Teradata / PyTd

A Python Module to make it easy to script powerful interactions with Teradata Database in a DevOps friendly way.
MIT License
108 stars 43 forks source link

Unexpected Unicode Conversion Error #73

Open jamesmf opened 7 years ago

jamesmf commented 7 years ago

I've been plagued by hard-to-predict Unicode Conversion Errors while trying to insert non-Unicode data into existing TD tables.

The data being inserted is 2 integer columns and 20 floats, stored in a list of lists, passed as a parameter to cursor.executemany(insertString,data,batch=True)

The session explicitly specifies charSet = 'ASCII' (though that is also the ODBC default).

The table being inserted into also has a TIMESTAMP(6) NOT NULL DEFAULT CURRENT_TIMESTAMP(6) column that isn't being inserted from python.

The insertString looks like: INSERT INTO db_name.table_name(comma_dlm_list_of_columns_to_insert) VALUES (?,?,?,?,?,?,?,?,?,?,?,?,?,?,?,?,?,?,?,?,?,?,?)

I get back: teradata.api.DatabaseError: (1, '[HY000] [Teradata][ODBC Teradata Driver][Teradata Database] Unicode Conversion Error')

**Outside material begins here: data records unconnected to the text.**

(* A real alpha > 0 that lies between two Farey neighbours
   p1/q1 and p2/q2 (|p1 q2 - p2 q1| = 1) has q1 among the semi-convergent
   denominators of one of its continued fraction expansions; for
   p1/q1 = a/(cn) this denominator cn is divisible by n.

   The Farey fact is proved by descending the Stern-Brocot tree along the
   floor expansion of alpha.  A state is a level j of the expansion with a
   count 0 <= m <= a_j; the current node is the pair of denominators
   U = q_{j-1}, V = m q_{j-1} + q_{j-2}, and alpha corresponds to the point
   y = x_j - m, x_j the j-th complete quotient.  The target is encoded as a
   Farey pair of coordinate vectors (A1,B1), (A2,B2) with q1 = A1 U + B1 V
   and y between A1/B1 and A2/B2.  Raising m shifts the coordinates
   (A,B) -> (A-B,B), passing to level j+1 inverts y and swaps them; the
   coordinates shrink until (A1,B1) is a unit vector or a boundary case,
   where q1 is read off as a semi-convergent denominator. *)

(* q_{j-2}, p_{j-1} and p_{j-2}, with q_{-2} = 1 and p_{-2} = 0, so that
   q_j = a_j q_{j-1} + q_{j-2} and p_j = a_j p_{j-1} + p_{j-2} for all j. *)
Definition cf_qprev2 (a : nat -> nat) (j : nat) : nat :=
  match j with O => 1%nat | S j' => cf_qprev a j' end.
Definition cf_pprev (a : nat -> nat) (j : nat) : nat := fst (cf_ppair a j).
Definition cf_pprev2 (a : nat -> nat) (j : nat) : nat :=
  match j with O => 0%nat | S j' => cf_pprev a j' end.

Lemma cf_q_rec a j : cf_q a j = (a j * cf_qprev a j + cf_qprev2 a j)%nat.
Proof.
  destruct j as [|j]; unfold cf_q, cf_qprev, cf_qprev2; simpl; [lia|].
  unfold cf_qprev. destruct (cf_qpair a j) as [u v]; simpl. lia.
Qed.

Lemma cf_qprev_S a j : cf_qprev a (S j) = cf_q a j.
Proof. unfold cf_q, cf_qprev; simpl. destruct (cf_qpair a j); reflexivity. Qed.

Lemma cf_p_rec a j : cf_p a j = (a j * cf_pprev a j + cf_pprev2 a j)%nat.
Proof.
  destruct j as [|j]; unfold cf_p, cf_pprev, cf_pprev2; simpl; [lia|].
  unfold cf_pprev. destruct (cf_ppair a j) as [u v]; simpl. lia.
Qed.

Lemma cf_pprev_S a j : cf_pprev a (S j) = cf_p a j.
Proof. unfold cf_p, cf_pprev; simpl. destruct (cf_ppair a j); reflexivity. Qed.

Lemma cf_det a j :
  (cf_p a j * cf_qprev a j + 1 = cf_pprev a j * cf_q a j)%nat \/
  (cf_pprev a j * cf_q a j + 1 = cf_p a j * cf_qprev a j)%nat.
Proof.
  induction j as [|j IH].
  - left. unfold cf_p, cf_qprev, cf_pprev, cf_q; simpl. lia.
  - rewrite (cf_p_rec a (S j)), (cf_q_rec a (S j)). simpl cf_qprev2; simpl cf_pprev2.
    rewrite cf_qprev_S, cf_pprev_S.
    destruct IH as [H|H]; [right|left]; nia.
Qed.

Lemma cf_q_bound a j : (forall i, (0 < i <= j)%nat -> (0 < a i)%nat) ->
  (1 <= cf_q a j /\ j <= cf_q a j /\ (1 <= j -> 1 <= cf_qprev a j))%nat.
Proof.
  induction j as [|j IH]; intros Ha.
  - unfold cf_q, cf_qprev; simpl. lia.
  - assert (IH' := IH (fun i Hi => Ha i ltac:(lia))).
    assert (Hj := Ha (S j) ltac:(lia)).
    rewrite cf_q_rec. simpl cf_qprev2. rewrite cf_qprev_S.
    destruct j as [|j].
    + unfold cf_q, cf_qprev in *; simpl in *. lia.
    + nia.
Qed.

Lemma cf_pairs_agree a a' j : (forall i, (i <= j)%nat -> a i = a' i) ->
  cf_qpair a j = cf_qpair a' j /\ cf_ppair a j = cf_ppair a' j.
Proof.
  induction j as [|j IH]; intros H; simpl.
  - rewrite (H 0%nat); auto.
  - destruct (IH (fun i Hi => H i ltac:(lia))) as [E1 E2].
    rewrite E1, E2, (H (S j)); auto.
Qed.

Lemma cf_prevs_agree a a' K : (forall i, (i < K)%nat -> a i = a' i) ->
  cf_qprev a K = cf_qprev a' K /\ cf_qprev2 a K = cf_qprev2 a' K /\
  cf_pprev a K = cf_pprev a' K /\ cf_pprev2 a K = cf_pprev2 a' K.
Proof.
  intros H. destruct K as [|K].
  - unfold cf_qprev, cf_pprev; simpl. auto.
  - destruct (cf_pairs_agree a a' K (fun i Hi => H i ltac:(lia))) as [E1 E2].
    rewrite !cf_qprev_S, !cf_pprev_S. simpl cf_qprev2; simpl cf_pprev2.
    unfold cf_q, cf_qprev, cf_p, cf_pprev. rewrite E1, E2. auto.
Qed.

Definition within (len : option nat) (j : nat) : Prop :=
  match len with None => True | Some K => (j <= K)%nat end.

Lemma within_pred len j : within len (S j) -> within len j.
Proof. destruct len; simpl; lia. Qed.

Definition is_semiconv_den (alpha : R) (Q : nat) : Prop :=
  exists a len, is_cf_expansion alpha a len /\
  exists k m, semiconv_index a len k m /\ (k, m) <> (0%nat, 0%nat) /\
              semiconv_den a k m = Q.

Lemma semiconv_den_not_loop n alpha Q :
  Nat.divide n Q -> is_semiconv_den alpha Q -> ~ infinite_loop_mod n alpha.
Proof.
  intros Hdiv [a [len [HE [k [m [Hidx [Hne Hden]]]]]]] [_ Hall].
  apply (Hall a len HE k m Hidx Hne). rewrite Hden. exact Hdiv.
Qed.

Lemma semiconv_of_level alpha a len Q j m : is_cf_expansion alpha a len ->
  (0 < Q)%nat -> within len j -> (m <= a j)%nat ->
  Q = (m * cf_qprev a j + cf_qprev2 a j)%nat -> is_semiconv_den alpha Q.
Proof.
  intros HE HQ Hj Hm HQe. exists a, len. split; [exact HE|].
  destruct j as [|j].
  - exists 0%nat, 1%nat. unfold semiconv_den in *; simpl in HQe.
    unfold cf_qprev, cf_q in *; simpl in *.
    split; [|split; [congruence|lia]].
    destruct len as [K|]; simpl in *; destruct HE as [Hpos _].
    + destruct K as [|K]; [right; reflexivity|]. left. split; [lia|]. apply Hpos. lia.
    + apply Hpos. lia.
  - exists j, m. simpl cf_qprev2 in HQe. rewrite cf_qprev_S in HQe.
    split; [|split].
    + destruct len as [K|]; simpl in *; [left; split; lia|exact Hm].
    + intros E. injection E as -> ->.
      unfold semiconv_den, cf_qprev, cf_q in *; simpl in *. lia.
    + unfold semiconv_den. lia.
Qed.

Lemma semiconv_of_qprev alpha a len Q j : is_cf_expansion alpha a len ->
  (0 < Q)%nat -> within len j -> Q = cf_qprev a j -> is_semiconv_den alpha Q.
Proof.
  intros HE HQ Hj HQe. destruct j as [|j].
  - unfold cf_qprev in HQe; simpl in HQe. lia.
  - rewrite cf_qprev_S, cf_q_rec in HQe.
    apply (semiconv_of_level alpha a len Q j (a j)); auto.
    exact (within_pred len j Hj).
Qed.

Lemma semiconv_of_last alpha a K Q t : is_cf_expansion alpha a (Some K) ->
  (0 < Q)%nat -> Q = semiconv_den a K t -> is_semiconv_den alpha Q.
Proof.
  intros HE HQ HQe. exists a, (Some K). split; [exact HE|].
  exists K, t. split; [right; reflexivity|]. split; [|auto].
  intros E; injection E as -> ->. unfold semiconv_den, cf_qprev, cf_q in *; simpl in *. lia.
Qed.

(* The other finite expansion [a_0; ..., a_K - 1, 1] of a rational alpha
   has convergent denominator q_K after (a_K - 1) q_{K-1} + q_{K-2}, hence
   every t q_K + (a_K - 1) q_{K-1} + q_{K-2} is a semi-convergent
   denominator of alpha. *)
Lemma semiconv_of_split_last alpha a K Q t : is_cf_expansion alpha a (Some K) ->
  ((1 <= K)%nat -> (2 <= a K)%nat) -> (1 <= a K)%nat ->
  (Q + cf_qprev a K = (t + 1) * cf_q a K)%nat -> (0 < Q)%nat ->
  is_semiconv_den alpha Q.
Proof.
  intros HE HK2 HK1 HQe HQ.
  set (a' := fun i => if Nat.eqb i K then (a K - 1)%nat
                      else if Nat.eqb i (S K) then 1%nat else a i).
  assert (Hag : forall i, (i < K)%nat -> a i = a' i).
  { intros i Hi. unfold a'. destruct (Nat.eqb_spec i K); [lia|].
    destruct (Nat.eqb_spec i (S K)); [lia|reflexivity]. }
  destruct (cf_prevs_agree a a' K Hag) as [E1 [E2 [E3 E4]]].
  assert (HaK : a' K = (a K - 1)%nat) by (unfold a'; rewrite Nat.eqb_refl; reflexivity).
  assert (HaSK : a' (S K) = 1%nat).
  { unfold a'. destruct (Nat.eqb_spec (S K) K); [lia|]. rewrite Nat.eqb_refl. reflexivity. }
  assert (Hq' : cf_q a' K = ((a K - 1) * cf_qprev a K + cf_qprev2 a K)%nat).
  { rewrite cf_q_rec, HaK, E1, E2. reflexivity. }
  assert (Hp' : cf_p a' K = ((a K - 1) * cf_pprev a K + cf_pprev2 a K)%nat).
  { rewrite cf_p_rec, HaK, E3, E4. reflexivity. }
  assert (HqS : cf_q a' (S K) = cf_q a K).
  { rewrite (cf_q_rec a' (S K)), HaSK, cf_qprev_S. simpl cf_qprev2.
    rewrite Hq', <- E1, (cf_q_rec a K). nia. }
  assert (HpS : cf_p a' (S K) = cf_p a K).
  { rewrite (cf_p_rec a' (S K)), HaSK, cf_pprev_S. simpl cf_pprev2.
    rewrite Hp', <- E3, (cf_p_rec a K). nia. }
  apply (semiconv_of_last alpha a' (S K) Q t); auto.
  - destruct HE as [Hpos Hval]. split.
    + intros i Hi. unfold a'. destruct (Nat.eqb_spec i K).
      * subst. assert (2 <= a K)%nat by (apply HK2; lia). lia.
      * destruct (Nat.eqb_spec i (S K)); [lia|]. apply Hpos. lia.
    + unfold cf_conv in *. rewrite HqS, HpS. exact Hval.
  - unfold semiconv_den. rewrite HqS, cf_qprev_S, Hq'.
    rewrite (cf_q_rec a K) in HQe |- *.
    destruct (a K) as [|k]; [lia|]. replace (S k - 1)%nat with k by lia. nia.
Qed.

escheie commented 7 years ago

Is the problem intermittent? When it fails can you print out the input to the function and isolate the row its failing for?

jamesmf commented 7 years ago

The problem is intermittent and I have a hard time reproducing it. So far I've noticed it only when the input I'm trying to insert contains floats. It also seems like it's happening only when I'm inserting into a table that I didn't create using Python.

I can see that my ODBC drivers have been downgraded to TD 14.10 though the db is on 15.10, so that seems like a possible culprit. Is that a known issue?

jamesmf commented 7 years ago

Okay confirmed that the TD ODBC drivers are still 15.10. It seems to reliably work when I create a table and immediately insert into it, but when I insert into existing tables, I sometimes get this error. Again it seems to only happen when I'm inserting floats (though it's possible that's a coincidence because I can't reliably recreate the error on new test tables).

jamesmf commented 7 years ago

It appears to be an issue relating to the size of the input to .executemany(). When I insert line-by-line it succeeds, as it does when I insert 5000 rows at at time. When I insert ~7500 (a number I get at using a very rough heuristic), I get the error on the first insert. This surprises me because I have certainly had the 'too many rows at once' error in multiple forms: 1) in the case where it's above the explicit maximum (16383 rows I believe) 2) in the SQL request exceeds 1MB case

Any advice or thoughts on this? I'm hesitant to catch that exception, as I assume it's the same exception thrown in the case of an actual Unicode Conversion Error...

escheie commented 7 years ago

That's great you can reproduce it at will now. If you have a simple script that produces the problem I can see if I can reproduce the problem in my environment and generate an ODBC trace file to send to the ODBC support team to have a look.

jamesmf commented 7 years ago

I'm having trouble recreating it with arbitrarily generated data. With data on which it's already failed, I can reliably recreate the issue (including on new tables with the same definition). Also perhaps worth noting, there's an 'insert_dt' field that is defined as TIMESTAMP(6) FORMAT 'YYYY-MM-DDBHH:MI:SSBT' NOT NULL DEFAULT CURRENT_TIMESTAMP(6))

The behavior is baffling:

The data is a list of lists looking like the following:

When I recreate new, random data meeting those specifications, I can't get the same error. I've inspected everything I can about those first 6000 rows and I can't identify anything that occurs in them that doesn't elsewhere. They're all a mixture of int/float/None, there are no values outside the range 0.05-2000., and I can insert every row individually.

escheie commented 7 years ago

Can you try reproducing the issue with ODBC trace enabled and e-mail the file to me?

jamesmf commented 7 years ago

emailed.

andreapiso commented 6 years ago

Any progress in solving this issues? We are encountering the same problem feeding many records to executemany

jamesmf commented 6 years ago

I ended up lumping it in with this error https://github.com/Teradata/PyTd/issues/76 and catching either of these Exceptions. My best solution was to wrap my inserts with a try: and in the except: block it retries with fewer rows at a time.

The only hard and fast rules I could figure out were 1) never insert > 16,383 (I think) rows at once 2) never insert > 1 MB of bound data per insert.